Письмо было вроде официальное - "Уважаемый Сергей Игнатьевич..." - и в то же время частное, написано от руки, почерком, однако, четким, прямым, без обычной усанковской размашистости, подпись почти печатными буквами выведена, однако с припиской "ныне вполне трезвый", что как бы чуть снимало серьезность.

Ильин позвал секретаршу.

- Если меня будет спрашивать Альберт Анисимович, старенький голос такой, немедленно соедините, не будет меня, разыщите.

Секретарша чуть подняла брови.

- Я помню, вы уже предупреждали.

- Да!.. Не могу дождаться, - признался Ильин.

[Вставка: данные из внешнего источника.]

(* Since X is compact, rho is bounded by some C, and dynamical
   generation by rho' is uniform: there are a finite l in M and eta > 0 such
   that rho' (s x) (s y) < eta for all s in l forces rho x y < delta / 2.
   Take F' = l ∪ l F.  If phi is a good rho'-model on F', then for m in F and
   s in l the point phi (sigma_s (sigma_m v)) = phi (sigma_sm v) is
   eta/4-close both to s phi (sigma_m v) and to s m phi (v), so
   rho (phi (sigma_m v)) (m phi v) < delta / 2, except on a "bad" set of v.
   A Chebyshev bound, the bounded fibres of sigma_m and the approximate
   multiplicativity of sigma make the bad set a small proportion of D, and
   as rho <= C it contributes little to rho_2. *)

From Stdlib Require List.
From HB Require Import structures.
From mathcomp Require Import all_boot all_order all_algebra.
From mathcomp Require Import all_classical all_reals all_analysis.
From mathcomp Require Import unstable ring lra.
Set Implicit Arguments. Unset Strict Implicit. Unset Printing Implicit Defensive.
Import Order.TTheory GRing.Theory Num.Theory.
Import numFieldNormedType.Exports.
Local Open Scope classical_set_scope.
Local Open Scope ring_scope.

Lemma finite_set_seq (T : Type) (A : set T) : finite_set A ->
  exists s : seq T, forall x, A x <-> List.In x s.
Proof.
have In_classic (x : {classic T}) (s : seq {classic T}) :
    x \in s <-> List.In x s.
  elim: s => [|a s IH] //=; rewrite in_cons; split.
    by case/orP => [/eqP ->|/IH]; [left | right].
  by case=> [->|/IH ->]; rewrite ?eqxx ?orbT.
move=> /(@finite_fsetP {classic T}) [S ->]; exists (finmap.enum_fset S) => x.
by rewrite -In_classic.
Qed.

Lemma finite_set_In (T : Type) (s : seq T) : finite_set [set x | List.In x s].
Proof.
elim: s => [|a s IH].
  by rewrite (_ : [set x | _] = set0) //; exact: finite_set0.
rewrite (_ : [set x | _] = [set a] `|` [set x | List.In x s]).
  by rewrite finite_setU; split; [exact: finite_set1 |].
by apply/seteqP; split=> x /= [->|]; by [left | right].
Qed.

Lemma mem_bigcup_In (I : Type) (T : finType) (F : I -> {set T}) (r : seq I)
    i x :
  List.In i r -> x \in F i -> x \in \bigcup_(j <- r) F j.
Proof.
elim: r => [|a r IH] //= [->|/IH x_in] x_Fi; rewrite big_cons inE ?x_Fi //.
by rewrite x_in // orbT.
Qed.

Lemma ler_sum_In_const (R : realType) (I : Type) (h : I -> R) (r : seq I)
    (K : R) :
  (forall i, List.In i r -> h i <= K) -> \sum_(i <- r) h i <= (size r)%:R * K.
Proof.
elim: r => [|a r IH] h_le; first by rewrite big_nil mul0r.
rewrite big_cons /= -addn1 natrD mulrDl mul1r addrC.
by apply: lerD; [apply: IH => i ri; apply: h_le; right | apply: h_le; left].
Qed.

Lemma ex_In_lb_gt0 (R : realType) (J : Type) (g : J -> R) (s : seq J) :
  (forall j, 0 < g j) -> exists2 b, 0 < b & forall j, List.In j s -> b <= g j.
Proof.
move=> g_gt0; elim: s => [|a s [b b_gt0 b_le]]; first by exists 1.
exists (Num.min (g a) b); first by rewrite lt_min g_gt0 b_gt0.
by move=> j /= [<-|/b_le le_bg]; rewrite ge_min ?lexx // le_bg orbT.
Qed.

Lemma eventually_forall_finite (I J : Type) (le : I -> I -> Prop)
    (A : set J) (P : J -> I -> Prop) :
  is_directed le -> finite_set A ->
  (forall j, A j -> exists i0, forall i, le i0 i -> P j i) ->
  exists i0, forall i, le i0 i -> forall j, A j -> P j i.
Proof.
move=> [[i1] _ le_trans le_ub] /finite_set_seq[s A_s] eventually_P.
suff [i0 P_s] : exists i0, forall i, le i0 i -> forall j, List.In j s -> P j i.
  by exists i0 => i i0_le j /A_s; exact: P_s.
have {}eventually_P j : List.In j s -> exists i0, forall i, le i0 i -> P j i.
  by move=> /A_s; exact: eventually_P.
elim: s {A_s} eventually_P => [|a s IH] eventually_P; first by exists i1.
have [i2 P_s] := IH (fun j j_s => eventually_P j (or_intror j_s)).
have [i3 P_a] := eventually_P a (or_introl erefl).
have [k [i2_le i3_le]] := le_ub i2 i3.
exists k => i k_le j /= [<-|j_s]; first exact/P_a/(le_trans _ _ _ i3_le k_le).
exact/P_s/j_s/(le_trans _ _ _ i2_le k_le).
Qed.

Lemma eventually_d_ham_mul_le (R : realType) (M I : Type) (mul : M -> M -> M)
    (le : I -> I -> Prop) (D : I -> finType) (sigma : forall i, M -> D i -> D i)
    (A B : set M) (kappa : R) :
  is_directed le ->
  (forall m1 m2, net_lim le
    (fun i => d_ham R (sigma i (mul m1 m2)) (sigma i m1 \o sigma i m2)) 0) ->
  finite_set A -> finite_set B -> 0 < kappa ->
  exists i0, forall i, le i0 i -> forall s m, A s -> B m ->
    d_ham R (sigma i (mul s m)) (sigma i s \o sigma i m) <= kappa.
Proof.
move=> le_directed sigma_mul A_fin B_fin kappa_gt0.
have [|i0 d_ham_le] := @eventually_forall_finite _ _ le (A `*` B)
  (fun sm i =>
    d_ham R (sigma i (mul sm.1 sm.2)) (sigma i sm.1 \o sigma i sm.2) <= kappa)
  le_directed (finite_setX A_fin B_fin).
  case=> s m _; have [i1 d_ham_small] := sigma_mul s m kappa kappa_gt0.
  exists i1 => i /d_ham_small; rewrite subr0 => /(le_lt_trans (ler_norm _)).
  exact: ltW.
by exists i0 => i i0_le s m As Bm; exact: (d_ham_le i i0_le (s, m)).
Qed.

Lemma compact_finite_subcover (Y : topologicalType) (J : Type)
    (U : J -> set Y) :
  compact [set: Y] -> (forall j, open (U j)) -> (forall y, exists j, U j y) ->
  exists s : seq J, forall y, exists2 j, List.In j s & U j y.
Proof.
move=> /compact_near_coveringP Ycpt U_open U_cover.
(* Compactness along the filter of lists containing a given finite list. *)
pose G (P : set (seq J)) := exists s0 : seq J,
  forall s, (forall j, List.In j s0 -> List.In j s) -> P s.
have G_filter : Filter G.
  split; first by exists [::].
  - move=> P Q [s0 Ps0] [s1 Qs1]; exists (s0 ++ s1) => s s_sup.
    by split; [apply: Ps0 | apply: Qs1] => j j_in; apply: s_sup;
      apply: List.in_or_app; [left | right].
  - by move=> P Q PQ [s0 Ps0]; exists s0 => s /Ps0/PQ.
have [y _|s0 covered] :=
  Ycpt _ G (fun s y => exists2 j, List.In j s & U j y) G_filter.
  have [j Ujy] := U_cover y.
  exists (U j, [set s | List.In j s]).
    split=> /=; first by apply: open_nbhs_nbhs; split.
    by exists [:: j] => s; apply; left.
  by case=> y' s /= [Ujy' js]; exists j.
by exists s0 => y; exact: (covered s0 (fun j h => h) y I).
Qed.

Lemma compact_pseudometric_bounded (R : realType) (X : topologicalType)
    (rho : X -> X -> R) :
  compact [set: X] -> continuous (fun p : X * X => rho p.1 p.2) ->
  exists2 C, 0 < C & forall x y, rho x y <= C.
Proof.
move=> X_cpt rho_cont.
have XX_cpt : compact [set: X * X] by rewrite -setXTT; exact: compact_setX.
have /compact_bounded/pinfty_ex_gt0[C C_gt0 C_bound] :=
  continuous_compact (continuous_subspaceT rho_cont) XX_cpt.
exists C => // x y; apply: le_trans (ler_norm _) (C_bound _ _).
by exists (x, y).
Qed.

Lemma continuous_pseudometric_act (R : realType) (X : topologicalType)
    (f : X -> X) (rho : X -> X -> R) :
  continuous f -> continuous (fun p : X * X => rho p.1 p.2) ->
  continuous (fun p : X * X => rho (f p.1) (f p.2)).
Proof.
move=> f_cont rho_cont p.
have ff_cont : continuous (fun p : X * X => (f p.1, f p.2)).
  move=> q; apply: cvg_pair.
    exact: (cvg_comp fst f cvg_fst (f_cont q.1)).
  exact: (cvg_comp snd f cvg_snd (f_cont q.2)).
exact: (continuous_comp (ff_cont p) (rho_cont _)).
Qed.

- А к нему позвонить нельзя?

Он посмотрел на ее голубые веки и вздохнул.

- То-то и оно... - Ему хотелось поделиться с ней наблюдением Усанкова.

Она прибирала бумаги на столе.

- Ладно, идите, - сказал он.

Мешала привычка не откровенничать с подчиненными. Слушать других пожалуйста, сам же он никогда не позволял себе.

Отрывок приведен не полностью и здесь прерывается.